Black Drum

Amy_JayWhithers_BlackDrum

Amy Withers with a nice Black Drum caught on a fly. Photo: Capt. Jay Withers

I’ve been seeing lots of black drum photos lately. Black drum are really cool fish that don’t ever seem to get very much attention. In fact, if you do a quick search on black drum, you just might get more search returns for red drum than black drum. So today I’m going to give these fish some love.

Black drum, Pogonias cromis occur from the Gulf of Maine to Florida, throughout the Gulf of Mexico, and as far south as Argentina. Black drum are large fish that can reach sizes over 46 inches in length and 120 pounds. They are also long lived reaching ages of nearly 60 years on the Atlantic coast and about 45 on the Gulf coast. Black drum grow rapidly during their first 15 years of life and then slow after.

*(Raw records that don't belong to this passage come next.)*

Lemma Gr_Fr_homotopic_id :
  equiv_homotopic (fun s : {perm A} => dact s^-1)
    (realization semi_regular_pred (@dsub A)) (fun t => Gr (Fr t)) id.
Proof.
apply: equiv_homotopic_lowering.
- exact: dsub_refl.
- exact: dsub_trans.
- by move=> v _; apply: Gr_cone.
- by move=> v vc v_le1; rewrite Gr_sum ?realize_sum //; apply: Fr_cone.
- exact: Gr_Fr_below.
- by move=> s; apply: dact_inj.
- by move=> s; apply: dsub_act.
- exact: comp_continuous (realize_continuous (f := @Fmap A)) Gr_continuous.
- by move=> s v; rewrite Fr_act Gr_act.
Qed.

Lemma Fr_Gr_homotopic_id :
  equiv_homotopic (fun s : {perm A} => dact s^-1)
    (realization regular_pred (@dsq A)) (fun t => Fr (Gr t)) id.
Proof.
apply: equiv_homotopic_segment.
- exact: comp_continuous Gr_continuous (realize_continuous (f := @Fmap A)).
- by move=> t /Gr_realization/Fr_realization.
- exact: Fr_Gr_cosupported.
- by move=> s t; rewrite Gr_act Fr_act.
Qed.

End DoubleOrderRealizations.

Local Open Scope classical_set_scope.

Theorem proposition4p8 (R : realType) (A : finType) :
  let RA : pred (dorder A) := fun o => `[< regular o >] in
  let RpA : pred (dorder A) := fun o => `[< semi_regular o >] in
  let sdR := sd_vertex RA (@dsq A) in
  let XR := realization (R:=R) RA (@dsq A) in
  let XRp := realization (R:=R) RpA (@dsub A) in
  (* the vertex action of sigma: v |-> v sigma^-1, so (t.sigma)(v) = t(v sigma^-1) ... *)
  let act := fun s : {perm A} => dact (s^-1)%g in
  (* |F| *)
  let Fr : rpoint R (dorder A) -> rpoint R (dorder A) := realize (R:=R) (@Fmap A) in
  (* |R(A)| ~= |sd R(A)| --|G|--> |R^+(A)| *)
  let Gr : rpoint R (dorder A) -> rpoint R (dorder A) :=
    fun t => realize (R:=R) (@Gmap A) (sd_homeo RA (@dsq A) t) in
  [/\
    (* F : (R^+(A), \subseteq) -> (R(A), \sqsubseteq) is well defined and order preserving *)
    (forall o : dorder A, semi_regular o -> regular (Fmap o)),
    (forall o1 o2 : dorder A, semi_regular o1 -> semi_regular o2 ->
        dsub o1 o2 -> dsq (Fmap o1) (Fmap o2)),
    (* G : sd(R(A), \sqsubseteq) -> (R^+(A), \subseteq) is well defined and order preserving *)
    (forall c : {set dorder A}, sdR c -> semi_regular (Gmap c)),
    (forall c1 c2 : {set dorder A}, sdR c1 -> sdR c2 -> c1 \subset c2 -> dsub (Gmap c1) (Gmap c2)) &
    (* |F| and |G| o (standard homeo) are mutually inverse equivariant homotopy equivalences *)
    [/\ (forall t, XRp t -> XR (Fr t)) /\ (forall t, XR t -> XRp (Gr t)),
        cont_on XRp Fr /\ cont_on XR Gr,
        (forall s t, XRp t -> Fr (pt_act (act s) t) = pt_act (act s) (Fr t)) /\
        (forall s t, XR t -> Gr (pt_act (act s) t) = pt_act (act s) (Gr t)),
        equiv_homotopic act XRp (fun t => Gr (Fr t)) id
      & equiv_homotopic act XR (fun t => Fr (Gr t)) id]].
Proof.
move=> RA RpA sdR XR XRp act Fr Gr; split.
- exact: Fmap_regular.
- by move=> d1 d2 [d1d _] [[_ [spo2 _]] _]; apply: Fmap_mono.
- exact: Gmap_semi_regular.
- exact: Gmap_mono.
split.
- by split=> t; [apply: Fr_realization | apply: Gr_realization].
- split; apply: continuous_subspaceT; [exact: realize_continuous | exact: Gr_continuous].
- by split=> s t _; [apply: Fr_act | apply: Gr_act].
- exact: Gr_Fr_homotopic_id.
- exact: Fr_Gr_homotopic_id.
Qed.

Coloration of black drum can change with age or habitat. Young black drum have 4-6 vertical black bars along their sides. These bars, which sometimes lead to them being confused with sheepshead, fade as the fish ages. Adults are silvery to black in color with a copper or brassy sheen. Black drum in bays and lagoons tend to be darker and often have a bronze upper surface with gray to white sides.

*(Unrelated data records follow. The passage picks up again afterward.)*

Definition equiv_at_0plus (f g : R -> R) : Prop :=
  filterlim (fun x => f x / g x) (at_right 0) (locally 1).
Definition equiv_at_infty (f g : R -> R) : Prop :=
  filterlim (fun x => f x / g x) (Rbar_locally p_infty) (locally 1).

From Pilot Require Import Defs.
From Stdlib Require Import Reals Lra ClassicalEpsilon.
From Coquelicot Require Import Coquelicot.
Open Scope R_scope.

(* All three functions vanish at 0, with h2' x = ln (1 + x), h5' x = arcsinh (x/2) and
   h4' x = arcsinh (x/2) / 2 + x / (4 sqrt (1 + x^2/4)).  Every inequality between them
   is therefore a comparison of derivatives on (0, oo), which reduces to the elementary
   bounds  t / sqrt (1 + t^2) <= arcsinh t <= min (t, ln (1 + 2t))  and
   2u / (2 + u) <= ln (1 + u).  The inverses are ordered the other way because h4 <= h5 <= h2
   and h4, h5 are strictly increasing.  Each asymptotic equivalence follows from explicit
   error bounds: a relative error O(x) near 0, and an absolute error O(x) (resp. O(1) for
   h2 - h5) at infinity, i.e. a relative error O(1 / ln x). *)

Lemma nondecreasing_of_derive_nonneg (f df : R -> R) (u v : R) :
  u <= v ->
  (forall c, u <= c <= v -> is_derive f c (df c)) ->
  (forall c, u < c < v -> 0 <= df c) ->
  f u <= f v.
Proof.
  intros Huv Hder Hpos.
  destruct (Req_dec u v) as [<- | Hne]; [lra |].
  destruct (MVT_cor2 f df u v) as (c & Hmvt & Hc); [lra | |].
  - intros c Hc. apply is_derive_Reals, Hder, Hc.
  - specialize (Hpos c Hc). nra.
Qed.

Lemma increasing_of_derive_pos (f df : R -> R) (u v : R) :
  u < v ->
  (forall c, u <= c <= v -> is_derive f c (df c)) ->
  (forall c, u < c < v -> 0 < df c) ->
  f u < f v.
Proof.
  intros Huv Hder Hpos.
  destruct (MVT_cor2 f df u v) as (c & Hmvt & Hc); [lra | |].
  - intros c Hc. apply is_derive_Reals, Hder, Hc.
  - specialize (Hpos c Hc). nra.
Qed.

Lemma le_of_derive_le (f g df dg : R -> R) (x : R) :
  0 <= x -> f 0 <= g 0 ->
  (forall c, 0 <= c -> is_derive f c (df c)) ->
  (forall c, 0 <= c -> is_derive g c (dg c)) ->
  (forall c, 0 < c -> df c <= dg c) ->
  f x <= g x.
Proof.
  intros Hx H0 Hf Hg Hle.
  enough (g 0 - f 0 <= g x - f x) by lra.
  apply (nondecreasing_of_derive_nonneg (fun t => g t - f t) (fun t => dg t - df t));
    [exact Hx | |].
  - intros c Hc. apply (is_derive_minus g f); [apply Hg | apply Hf]; lra.
  - intros c Hc. specialize (Hle c ltac:(lra)). lra.
Qed.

Notice the copper to brassy sheen on the sides of this black drum. Photo: Capt. Jay Withers

Notice the copper to brassy sheen on the sides of this black drum. Photo: Capt. Jay Withers

Black drum are the largest members of the family Sciaenidae (sigh-EE-nih-dee), which includes drums and croakers. Sciaenids are known having the ability to produce a “croaking” or “drumming” sound. To produce the sound, sciaenids possess special muscles called sonic muscle fibers that vibrate against the swim bladder. These sonic muscle fibers run horizontally along both sides of a fish’s body and are connected to a central tendon which surrounds the swim bladder. When the sonic muscle fibers are contracted against the swim bladder, they produce the drumming or croaking sound that gives drum and croaker their common name.

A scientist colleague of mine, James Locascio, spent quite a few years studying the sounds of black drum in southwest Florida while he was a Ph.D. student at the University of South Florida. Drumming can be used for a variety of reasons, but most notably it is used for spawning. Whereas a lot of fish species move to the passes or offshore to spawn, black drum spawn both in near shore waters and in the estuary. Spawning takes place from late fall through early spring. During spawning black drum produce high intensity sounds that are associated with courtship and spawning. These sounds are loud enough to be heard from a boat and even a waterfront home.

To study sound production associated with black drum spawning, James (who by the way now works at Mote Marine Laboratory) deployed acoustic equipment that recorded fish sounds in the Punta Gorda Isles canal system and in the Cape Coral canal system. Although all fish make sound, black drum can be identified based on the sound wave frequency they drum at. What Jim found was that some black drum produced sound occasionally during the day, but the black drum chorus increased sharply from late afternoon to early evening and lasted up to 12 hours during the peak spawning season from January through March.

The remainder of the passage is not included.